- The task -
Report back every line from the entries below in which the word "forall" occurs.

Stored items

Lemma anc_trans x y z : anc x y -> anc y z -> anc x z.
Proof.
move=> [p [p_nil dp]] [q [_ dq]]; exists (p ++ q); split; last exact: dpath_cat dq.
by case: p p_nil {dp}.
Qed.

Lemma anc_lt x y : anc x y -> ds x < ds y.
Proof.
move=> [p [p_nil [dp <-]]]; rewrite dpath_dist //.
by rewrite ltrDl wlen_gt0 ?dpath_edge.
Qed.

Lemma anc_inD x y : anc x y -> inD x /\ inD y.
Proof.
move=> [p [p_nil [dp <-]]]; split.
  by case: p p_nil dp => [|a p] //= _ /andP[/arcbP /arcD_inD []].
case/lastP: p p_nil dp => [|p a] // _; rewrite rcons_path last_rcons.
by case/andP=> _ /arcbP /arcD_inD [].
Qed.

Lemma dist_le_anc x y : anc x y -> dist x y <= ds y - ds x.
Proof.
move=> [p [_ [dp <-]]]; rewrite dpath_dist //.
by have := dist_le_wlen (conj (dpath_edge dp) erefl); lra.
Qed.

Lemma inD_dpath_t v : inD v -> exists q, dpath v q t.
Proof.
move=> [p [Hsp vp]].
have [_ [q [_ _ dq]]] := dpath_split (conj (sp_st_dpath Hsp) (proj2 (proj1 Hsp))) vp.
by exists q.
Qed.

Lemma anc_neq_t x y : anc x y -> x <> t.
Proof.
move=> xy xt; have [q [dq Lq]] := inD_dpath_t (anc_inD xy).2.
have := anc_lt xy; have := dpath_dist dq; rewrite Lq -xt.
by have := wlen_ge0 (dpath_edge dq); lra.
Qed.

(* I_t(z) is the t-dominator of z nearest to s, as all of them lie on every z-t path. *)
Lemma It_Some z : inD z -> z <> t -> exists2 b, It z = Some b & tdom b z.
Proof.
move=> zD zt.
have t_dom : tdom t z by do 3!split=> //; [exact: nesym | move=> p [_ <-]; exact: mem_last].
have [b [b_dom b_min]] := exists_argmax (P := tdom^~ z) (fun x => - ds x) t_dom.
have [q0 dq0] := inD_dpath_t zD.
have b_It : is_It e w s t z b.
  split=> [// | u u_dom ub]; case: (b_dom) => [_ [_ [bz b_on]]].
  case: (u_dom) => [_ [_ [uz u_on]]].
  have bu : ds b <= ds u by have := b_min u u_dom; lra.
  have zb := anc_to_mem dq0 (b_on _ dq0) bz.
  split; first exact: (anc_inD zb).2.
  split.
    move=> bt; have := anc_lt (anc_of_mem dq0 (u_on _ dq0) ltac:(by rewrite -bt)).
    by rewrite -bt; lra.
  split=> // q dq; have [p1 [_ [_ dp1 _]]] := dpath_split dq0 (b_on _ dq0).
  move: (u_on _ (dpath_cat dp1 dq)); rewrite -cat_cons mem_cat => /orP[up1 | uq].
    by have := anc_lt (anc_of_mem dp1 up1 ub); lra.
  by rewrite inE uq orbT.
rewrite /Defs.It; case: pickP => [b' /asboolP [b'_dom _] | /(_ b)]; first by exists b'.
by rewrite asboolT.
Qed.

Definition reaches_t_avoiding x v := exists2 q, dpath x q t & v \notin x :: q.

Lemma reaches_t_avoiding_through y u v :
  anc y u -> v <> u -> ~ anc v u -> ~ anc u v -> reaches_t_avoiding y v.
Proof.
move=> yu vu vu' uv'; have [p [_ dp]] := yu; have [q dq] := inD_dpath_t (anc_inD yu).2.
exists (p ++ q); first exact: dpath_cat dq.
rewrite -cat_cons mem_cat negb_or; apply/andP; split; apply/negP => vpq.
  exact: vu' (anc_of_mem dp vpq vu).
by apply: uv'; apply: (anc_to_mem dq); rewrite ?inE ?vpq ?orbT.
Qed.

(* b lies on the z-t path that passes through v. *)
Lemma tdom_after_or_bypass z v b :
  anc z v -> reaches_t_avoiding z v -> tdom b z ->
  anc v b \/ [/\ anc z b, anc b v & reaches_t_avoiding b v].
Proof.
move=> zv [qz dqz vqz] [_ [_ [bz b_on]]].
have [p [_ dp]] := zv; have [qv dqv] := inD_dpath_t (anc_inD zv).2.
have bv : b <> v by move=> bv; rewrite -bv b_on in vqz.
move: (b_on _ (dpath_cat dp dqv)); rewrite -cat_cons mem_cat => /orP[bp | bqv].
  right; split; [exact: anc_to_mem dp bp bz | exact: anc_of_mem dp bp bv |].
  have [q1 [q2 [Eqz _ dq2]]] := dpath_split dqz (b_on _ dqz).
  exists q2 => //; apply: contra vqz; rewrite inE => /predU1P[vb | vq2].
    by case: bv.
  by rewrite Eqz inE mem_cat vq2 !orbT.
by left; apply: (anc_to_mem dqv); rewrite ?inE ?bqv ?orbT.
Qed.

Lemma farthest_bypass y v : anc y v -> reaches_t_avoiding y v ->
  exists z b, [/\ z = y \/ anc y z, anc z v, It z = Some b & anc v b].
Proof.
move=> yv yav.
pose cand x := [/\ x = y \/ anc y x, anc x v & reaches_t_avoiding x v].
have [z [[yz zv zav] z_max]] := exists_argmax (P := cand) ds (And3 (or_introl erefl) yv yav).
have [b Itz b_dom] := It_Some (anc_inD zv).1 (anc_neq_t zv).
exists z, b; split=> //.
case: (tdom_after_or_bypass zv zav b_dom) => // [[zb bv bav]].
have yb : anc y b by case: yz => [<- // | yz]; exact: anc_trans yz zb.
by have := z_max b (And3 (or_intror yb) bv bav); have := anc_lt zb; lra.
Qed.

Lemma gstar_le_g x z : inD z -> (gstar x <= g x z)%E.
Proof. by move=> zD; apply: bigmin_le_cond; apply: asboolT. Qed.

Lemma dist_sub_le_g x u : ((ds x - ds u)%:E <= g x u)%E.
Proof.
rewrite /Defs.g; case: asboolP => _; last exact: leey.
by rewrite lee_fin; have := dist_triangle s u x; lra.
Qed.

Lemma gstar_le_bypass x y : inC e w s t x y -> reaches_t_avoiding y x ->
  exists2 z, ds y <= ds z & (gstar x <= (ds x - ds z)%:E)%E.
Proof.
rewrite /inC; case Isx: (Is e w s t x) => [a|] // [ay yx] yax.
have [z [b [yz zx Itz xb]]] := farthest_bypass yx yax.
have az : anc a z by case: yz => [-> | /(anc_trans ay)].
exists z; first by case: yz => [-> | /anc_lt /ltW].
apply: le_trans (gstar_le_g x (anc_inD zx).1) _.
rewrite /Defs.g asboolT /inC ?Isx ?Itz // lee_fin.
exact: dist_le_anc.
Qed.

End ShortestPathDag.

Theorem corollary2 (R : realType) (V : finType) (e : rel V) (w : V -> V -> R)
  (s t : V)
  (e_sym : symmetric e) (e_irr : irreflexive e)
  (e_conn : forall x y : V, connect e x y)
  (w_sym : forall x y : V, w x y = w y x)
  (w_pos : forall x y : V, e x y -> 0 < w x y)
  (vj vi y : V) :
  inD e w s t vj -> inD e w s t vi -> vj <> s -> vi <> s -> vj <> vi ->
  dist e w s vj <= dist e w s vi ->
  inC e w s t vj y -> inC e w s t vi y ->
  ~ anc e w s t vj vi ->
  (gstar e w s t vj != +oo)%E /\
  (gstar e w s t vj <=
     \big[Order.min/+oo%E]_(u | `[< anc e w s t u y >]) g e w s t vi u)%E.
Proof.
move=> _ _ _ _ vji dj_le_di Cjy Ciy not_ji.
have yi : anc e w s t y vi by move: Ciy; rewrite /inC; case: Is => // a [].
have not_ij : ~ anc e w s t vi vj by move=> /(anc_lt e_conn w_pos); lra.
have yav := reaches_t_avoiding_through yi vji not_ji not_ij.
have [z yz gstar_le] := gstar_le_bypass e_conn w_pos Cjy yav.
split; first by apply: contraTneq gstar_le => ->; rewrite leye_eq.
apply: le_trans gstar_le (le_bigmin _ _ _) => [|u /asboolP uy]; first exact: leey.
apply: le_trans (dist_sub_le_g s t e_conn w_pos vi u).
by rewrite lee_fin; have := anc_lt e_conn w_pos uy; lra.
Qed.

- Solution to the exercise -
  (e_conn : forall x y : V, connect e x y)
  (w_sym : forall x y : V, w x y = w y x)
  (w_pos : forall x y : V, e x y -> 0 < w x y)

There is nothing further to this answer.